**Data for analysis:**
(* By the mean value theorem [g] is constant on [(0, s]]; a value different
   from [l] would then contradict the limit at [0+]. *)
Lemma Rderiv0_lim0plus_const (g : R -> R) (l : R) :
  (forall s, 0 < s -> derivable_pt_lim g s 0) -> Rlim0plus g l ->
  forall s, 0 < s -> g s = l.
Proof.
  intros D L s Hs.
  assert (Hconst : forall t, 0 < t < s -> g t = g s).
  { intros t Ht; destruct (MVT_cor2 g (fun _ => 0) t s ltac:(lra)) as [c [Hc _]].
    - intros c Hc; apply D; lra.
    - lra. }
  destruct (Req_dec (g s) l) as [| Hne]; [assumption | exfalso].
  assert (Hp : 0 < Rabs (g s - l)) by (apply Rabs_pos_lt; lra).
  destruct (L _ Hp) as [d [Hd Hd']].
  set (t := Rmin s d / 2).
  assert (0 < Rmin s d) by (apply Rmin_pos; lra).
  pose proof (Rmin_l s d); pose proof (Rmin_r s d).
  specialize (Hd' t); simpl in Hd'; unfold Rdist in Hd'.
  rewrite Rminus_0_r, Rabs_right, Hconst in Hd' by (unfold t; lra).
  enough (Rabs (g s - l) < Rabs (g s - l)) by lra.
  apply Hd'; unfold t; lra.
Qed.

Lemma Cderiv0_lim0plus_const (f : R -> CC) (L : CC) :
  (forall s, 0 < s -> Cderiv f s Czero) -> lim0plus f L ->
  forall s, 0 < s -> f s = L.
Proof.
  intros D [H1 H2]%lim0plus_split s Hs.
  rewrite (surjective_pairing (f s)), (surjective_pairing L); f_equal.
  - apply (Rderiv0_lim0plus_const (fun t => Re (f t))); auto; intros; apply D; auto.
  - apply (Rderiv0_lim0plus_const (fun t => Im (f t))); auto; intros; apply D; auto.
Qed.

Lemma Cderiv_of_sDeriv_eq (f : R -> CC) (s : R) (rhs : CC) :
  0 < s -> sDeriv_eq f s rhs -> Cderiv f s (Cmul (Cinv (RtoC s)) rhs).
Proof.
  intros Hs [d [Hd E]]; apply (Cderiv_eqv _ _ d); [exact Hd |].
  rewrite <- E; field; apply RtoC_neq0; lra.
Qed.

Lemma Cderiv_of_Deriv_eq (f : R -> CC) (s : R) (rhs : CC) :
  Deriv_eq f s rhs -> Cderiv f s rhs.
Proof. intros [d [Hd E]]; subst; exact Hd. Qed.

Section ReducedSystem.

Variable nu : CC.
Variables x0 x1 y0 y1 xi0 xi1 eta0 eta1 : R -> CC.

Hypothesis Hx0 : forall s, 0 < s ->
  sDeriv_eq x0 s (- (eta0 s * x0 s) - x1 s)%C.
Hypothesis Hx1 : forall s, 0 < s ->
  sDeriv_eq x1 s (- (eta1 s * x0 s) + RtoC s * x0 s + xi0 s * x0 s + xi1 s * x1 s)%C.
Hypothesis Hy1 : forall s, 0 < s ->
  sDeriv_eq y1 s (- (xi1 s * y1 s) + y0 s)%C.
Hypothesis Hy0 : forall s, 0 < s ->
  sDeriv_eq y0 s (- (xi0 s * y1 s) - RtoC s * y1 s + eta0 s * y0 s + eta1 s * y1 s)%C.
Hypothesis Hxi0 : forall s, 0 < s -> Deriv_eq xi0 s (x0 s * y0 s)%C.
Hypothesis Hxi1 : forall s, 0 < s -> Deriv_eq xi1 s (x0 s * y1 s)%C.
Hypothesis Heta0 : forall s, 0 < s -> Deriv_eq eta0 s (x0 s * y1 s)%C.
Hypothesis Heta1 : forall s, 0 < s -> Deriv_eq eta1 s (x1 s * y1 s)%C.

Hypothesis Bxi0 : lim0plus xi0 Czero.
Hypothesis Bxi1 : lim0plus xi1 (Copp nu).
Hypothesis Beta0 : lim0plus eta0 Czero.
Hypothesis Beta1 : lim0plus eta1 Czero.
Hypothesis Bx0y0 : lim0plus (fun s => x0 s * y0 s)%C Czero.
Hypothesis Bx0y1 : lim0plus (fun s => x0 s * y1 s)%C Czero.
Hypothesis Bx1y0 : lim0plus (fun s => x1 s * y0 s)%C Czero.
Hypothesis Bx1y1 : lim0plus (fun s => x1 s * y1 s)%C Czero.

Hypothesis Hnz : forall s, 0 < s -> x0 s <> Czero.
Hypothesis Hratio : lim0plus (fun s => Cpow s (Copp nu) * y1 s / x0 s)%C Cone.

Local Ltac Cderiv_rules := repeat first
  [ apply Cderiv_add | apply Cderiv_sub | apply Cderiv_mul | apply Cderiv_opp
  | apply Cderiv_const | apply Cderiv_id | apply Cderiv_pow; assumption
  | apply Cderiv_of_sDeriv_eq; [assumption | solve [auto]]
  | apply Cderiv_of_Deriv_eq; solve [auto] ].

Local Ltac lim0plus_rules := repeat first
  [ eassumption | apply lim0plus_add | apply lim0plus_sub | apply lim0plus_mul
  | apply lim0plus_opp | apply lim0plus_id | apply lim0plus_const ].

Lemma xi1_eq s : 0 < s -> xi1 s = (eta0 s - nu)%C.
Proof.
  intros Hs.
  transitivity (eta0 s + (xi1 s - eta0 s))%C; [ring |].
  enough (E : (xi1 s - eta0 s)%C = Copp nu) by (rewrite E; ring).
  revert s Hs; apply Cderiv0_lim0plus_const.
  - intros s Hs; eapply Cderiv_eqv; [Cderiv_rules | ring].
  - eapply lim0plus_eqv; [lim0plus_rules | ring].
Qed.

**What you should do:** Beginning with the line above that contains "Lemma Cderiv0_lim0plus_const (f", copy each line exactly up to and including the line that contains "sDeriv_eq y1 s (- (xi1 s * y1 s) + y0 s)%C.", and go no further.

**Solution to this problem:**
Lemma Cderiv0_lim0plus_const (f : R -> CC) (L : CC) :
  (forall s, 0 < s -> Cderiv f s Czero) -> lim0plus f L ->
  forall s, 0 < s -> f s = L.
Proof.
  intros D [H1 H2]%lim0plus_split s Hs.
  rewrite (surjective_pairing (f s)), (surjective_pairing L); f_equal.
  - apply (Rderiv0_lim0plus_const (fun t => Re (f t))); auto; intros; apply D; auto.
  - apply (Rderiv0_lim0plus_const (fun t => Im (f t))); auto; intros; apply D; auto.
Qed.

Lemma Cderiv_of_sDeriv_eq (f : R -> CC) (s : R) (rhs : CC) :
  0 < s -> sDeriv_eq f s rhs -> Cderiv f s (Cmul (Cinv (RtoC s)) rhs).
Proof.
  intros Hs [d [Hd E]]; apply (Cderiv_eqv _ _ d); [exact Hd |].
  rewrite <- E; field; apply RtoC_neq0; lra.
Qed.

Lemma Cderiv_of_Deriv_eq (f : R -> CC) (s : R) (rhs : CC) :
  Deriv_eq f s rhs -> Cderiv f s rhs.
Proof. intros [d [Hd E]]; subst; exact Hd. Qed.

Section ReducedSystem.

Variable nu : CC.
Variables x0 x1 y0 y1 xi0 xi1 eta0 eta1 : R -> CC.

Hypothesis Hx0 : forall s, 0 < s ->
  sDeriv_eq x0 s (- (eta0 s * x0 s) - x1 s)%C.
Hypothesis Hx1 : forall s, 0 < s ->
  sDeriv_eq x1 s (- (eta1 s * x0 s) + RtoC s * x0 s + xi0 s * x0 s + xi1 s * x1 s)%C.
Hypothesis Hy1 : forall s, 0 < s ->
  sDeriv_eq y1 s (- (xi1 s * y1 s) + y0 s)%C.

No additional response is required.